Given the data for a hospital which contains information about the age, gender, blood group, the blood component requested, date and time when the component was requested, Quantity of blood requested. We have to predict total demand for a particular blood group x component, say the demand for B+ve Plasma, in the next 3 weeks. The time 3 weeks is important as the blood older than 3 weeks was less likely to deliver oxygen.
We did EDA to find out the relation of the blood quantity requested with the age, gender, week of the day.

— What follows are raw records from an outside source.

Definition trace_preorder (X : Type) (dX : set (R -> X)) : Prop :=
  (forall f f' g g', dX f -> dX f' -> dX g -> dX g' ->
     same_trace f f' -> same_trace g g' -> trace_le dX f g -> trace_le dX f' g')
  /\ (forall f, dX f -> trace_le dX f f)
  /\ (forall f g h, dX f -> dX g -> dX h ->
        trace_le dX f g -> trace_le dX g h -> trace_le dX f h).

Definition trace_porder (X : Type) (dX : set (R -> X)) : Prop :=
  trace_preorder dX /\
  (forall f g, dX f -> dX g -> trace_le dX f g -> trace_le dX g f ->
     same_trace f g).

Definition pospace (X : topologicalType) (le : X -> X -> Prop) : Prop :=
  hausdorff_space X /\
  (forall x, le x x) /\
  (forall x y, le x y -> le y x -> x = y) /\
  (forall x y z, le x y -> le y z -> le x z) /\
  closed [set z : X * X | le z.1 z.2].

Definition pos_dipaths (X : topologicalType) (le : X -> X -> Prop)
  : set (R -> X) :=
  [set p | is_path p /\
     forall s t, I01 s -> I01 t -> s <= t -> le (p s) (p t)].

End DirectedSpaces.

From mathcomp Require Import all_boot all_order all_algebra.
From mathcomp Require Import all_classical all_reals all_analysis.
From mathcomp Require Import lra.
From Stdlib Require Import Relations.
Set Implicit Arguments. Unset Strict Implicit. Unset Printing Implicit Defensive.
Import Order.TTheory GRing.Theory Num.Theory numFieldNormedType.Exports.
Local Open Scope classical_set_scope.
Local Open Scope ring_scope.

(* Concatenation of dipaths is, up to reparametrization, associative,
   compatible with reparametrization of either factor, and has constant paths
   as units; each fact is witnessed by an explicit piecewise-linear
   reparametrization of [0,1]. Hence [f <= g] does not depend on the chosen
   representatives, is reflexive (pad [f] with constant paths) and transitive
   (absorb the padding of [u' * (u * f * v) * v'] into [u' * u] and [v * v']).
   In a pospace, if [g = u * f * v] and [f = u' * g * v'], antisymmetry forces
   [f] and [g] to have the same endpoints, so [u] and [v] are increasing loops,
   hence constant, and [g] is [f] up to reparametrization. *)

Lemma continuous_within_comp (Y Z W : topologicalType) (A : set Y) (B : set Z)
    (g : Y -> Z) (f : Z -> W) :
  {within A, continuous g} -> (forall x, A x -> B (g x)) ->
  {within B, continuous f} -> {within A, continuous (f \o g)}.
Proof.
move=> /subspace_continuousP cg gAB /subspace_continuousP cf.
apply/subspace_continuousP => x Ax.
apply: cvg_comp (cf _ (gAB x Ax)) => P /(cg x Ax).
rewrite /= nbhs_simpl /= /within /= nbhs_simpl /=.
by apply: filterS => y Py Ay; exact: Py Ay (gAB _ Ay).
Qed.

Section Paths.
Variable R : realType.
Implicit Types (s t a b : R) (phi psi : R -> R).

Lemma I01P t : I01 t <-> 0 <= t <= 1.
Proof. by rewrite /I01 /= in_itv. Qed.

Lemma I01_in t : 0 <= t <= 1 -> I01 t.
Proof. by move/I01P. Qed.

Lemma I01_0 : I01 (0 : R). Proof. by apply/I01P; rewrite lexx ler01. Qed.
Lemma I01_1 : I01 (1 : R). Proof. by apply/I01P; rewrite lexx ler01. Qed.

Lemma concat0 (X : Type) (p q : R -> X) : concat p q 0 = p 0.
Proof. by rewrite /concat ifT ?mulr0 // invr_ge0 ler0n. Qed.

Lemma concat1 (X : Type) (p q : R -> X) : concat p q 1 = q 1.
Proof. by rewrite /concat ifF; [congr q; lra | apply/negbTE; rewrite -ltNge; lra]. Qed.

Lemma affine_continuous a b : continuous (fun t : R => t * a + b).
Proof.
move=> t; apply: (@continuousD _ _ _ (fun t : R => t * a) (fun _ => b)).
  exact: mulrr_continuous.
exact: cst_continuous.
Qed.

Lemma I01_split : @I01 R = `[0, 2^-1] `|` `[2^-1, 1].
Proof.
apply/seteqP; split => t.
  move=> /I01P/andP[? ?] /=; rewrite !in_itv /=.
  by case: (lerP t (2^-1)) => h; [left | right]; apply/andP; split; lra.
by rewrite /= !in_itv /= => -[] /andP[? ?]; apply/I01P/andP; split; lra.
Qed.

Lemma is_path_concat (X : topologicalType) (p q : R -> X) :
  is_path p -> is_path q -> p 1 = q 0 -> is_path (concat p q).
Proof.
rewrite /is_path => cp cq pq; rewrite I01_split.
apply: withinU_continuous; try exact: itv_closed.
  apply: (@subspace_eq_continuous _ _ _ (p \o (fun t => t * 2 + 0))).
    move=> t; rewrite inE /= in_itv /= => /andP[_ h].
    by rewrite /from_subspace /concat h addr0 mulrC.
  apply: continuous_within_comp cp; first exact/continuous_subspaceT/affine_continuous.
  by move=> t; rewrite /= in_itv /= => /andP[? ?]; apply/I01P/andP; split; lra.
apply: (@subspace_eq_continuous _ _ _ (q \o (fun t => t * 2 + (-1)))).
  move=> t; rewrite inE /= in_itv /= => /andP[? ?]; rewrite /from_subspace /concat /=.
  case: (lerP t (2^-1)) => h; last by rewrite mulrC.
  have -> : t = 2^-1 by lra.
  have -> : 2 * 2^-1 = 1 :> R by lra.
  by rewrite pq; congr q; lra.
apply: continuous_within_comp cq; first exact/continuous_subspaceT/affine_continuous.
by move=> t; rewrite /= in_itv /= => /andP[? ?]; apply/I01P/andP; split; lra.
Qed.

Section OrderedPaths.
Variables (X : topologicalType) (le : X -> X -> Prop).

Lemma pos_dipaths_cst (x : X) : (forall y, le y y) -> pos_dipaths le (fun _ : R => x).
Proof.
move=> leX_refl; split=> [|*]; last exact: leX_refl.
exact/continuous_subspaceT/cst_continuous.
Qed.

Lemma pos_dipaths_concat (p q : R -> X) :
  (forall x y z, le x y -> le y z -> le x z) ->
  pos_dipaths le p -> pos_dipaths le q -> p 1 = q 0 -> pos_dipaths le (concat p q).
Proof.
move=> leX_trans [cp mp] [cq mq] pq; split; first exact: is_path_concat.
move=> s t /I01P/andP[s0 s1] /I01P/andP[t0 t1] st; rewrite /concat.
case: (leP s (2^-1)) => hs; case: (leP t (2^-1)) => ht.
- by apply: mp; try apply: I01_in; lra.
- apply: (leX_trans _ (p 1)); first by apply: mp; try apply: I01_in; lra.
  by rewrite pq; apply: mq; try apply: I01_in; lra.
- by have := lt_le_trans hs (le_trans st ht); rewrite ltxx.
- by apply: mq; try apply: I01_in; lra.
Qed.

Lemma pos_dipath_loop_const (p : R -> X) :
  (forall x y, le x y -> le y x -> x = y) ->
  pos_dipaths le p -> p 1 = p 0 -> forall t, I01 t -> p t = p 0.
Proof.
move=> leX_anti [_ mp] p10 t It; have /I01P/andP[t0 t1] := It.
apply: leX_anti; last exact: mp I01_0 It t0.
by rewrite -p10; apply: mp It I01_1 t1.
Qed.

End OrderedPaths.

Local Notation nondecr_path := (@pos_dipaths R _ (fun s t : R => s <= t)).

Lemma nondecr_path_id : nondecr_path id.
Proof. by split=> //; apply: continuous_subspaceT => ?; exact: cvg_id. Qed.

Lemma nondecr_path_cst c : nondecr_path (fun=> c).
Proof. exact: pos_dipaths_cst. Qed.

Lemma nondecr_path_concat phi psi : nondecr_path phi -> nondecr_path psi ->
  phi 1 = psi 0 -> nondecr_path (concat phi psi).
Proof. by apply: pos_dipaths_concat => ? ? ?; exact: le_trans. Qed.

Lemma nondecr_path_affine phi a b : nondecr_path phi -> 0 <= a ->
  nondecr_path (fun s => (phi s + b) * a).
Proof.
move=> [cphi mphi] a0; split=> [|s t Is It st]; last by rewrite ler_wpM2r // lerD2r mphi.
have affine_cont : {within setT, continuous (fun x : R => (x + b) * a)}.
  by apply/continuous_subspaceT; under eq_fun do rewrite mulrDl; exact: affine_continuous.
exact: (continuous_within_comp cphi (fun _ _ => I) affine_cont).
Qed.

Lemma nondecr_path_scale phi a : nondecr_path phi -> 0 <= a ->
  nondecr_path (fun s => phi s * a).
Proof.
rewrite (_ : (fun s => phi s * a) = (fun s => (phi s + 0) * a)).
  exact: nondecr_path_affine.
by apply/funext => s; rewrite addr0.
Qed.

Lemma nondecr_path_line a b : 0 <= a -> nondecr_path (fun s => (s + b) * a).
Proof. exact: (nondecr_path_affine (phi := id)) nondecr_path_id. Qed.

Lemma reparam_I01 phi t : reparam phi -> I01 t -> I01 (phi t).
Proof. by move=> [_ [_ im]] It; rewrite -im; exists t. Qed.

Some of the insights we found out were:-
Males require more blood than females
Children and teenagers require significantly higher levels of blood than adults
There are variations in average quantity of blood demanded with the day of the week, like on Sundays the average quantity of blood required is about half the blood quantity required on mondays.
We introduced some new features to the data, which include,
Average QTY for the last 7 days
Average QTY for the last 30 days
Ratio of above two (7d/30d)
P_qty_fem_l1d Number of female patients on the last day.
Number of patients of age >= 50
Number of patients of age <= 10
Label = Quantity of blood required in the next 1 day, a week and a month.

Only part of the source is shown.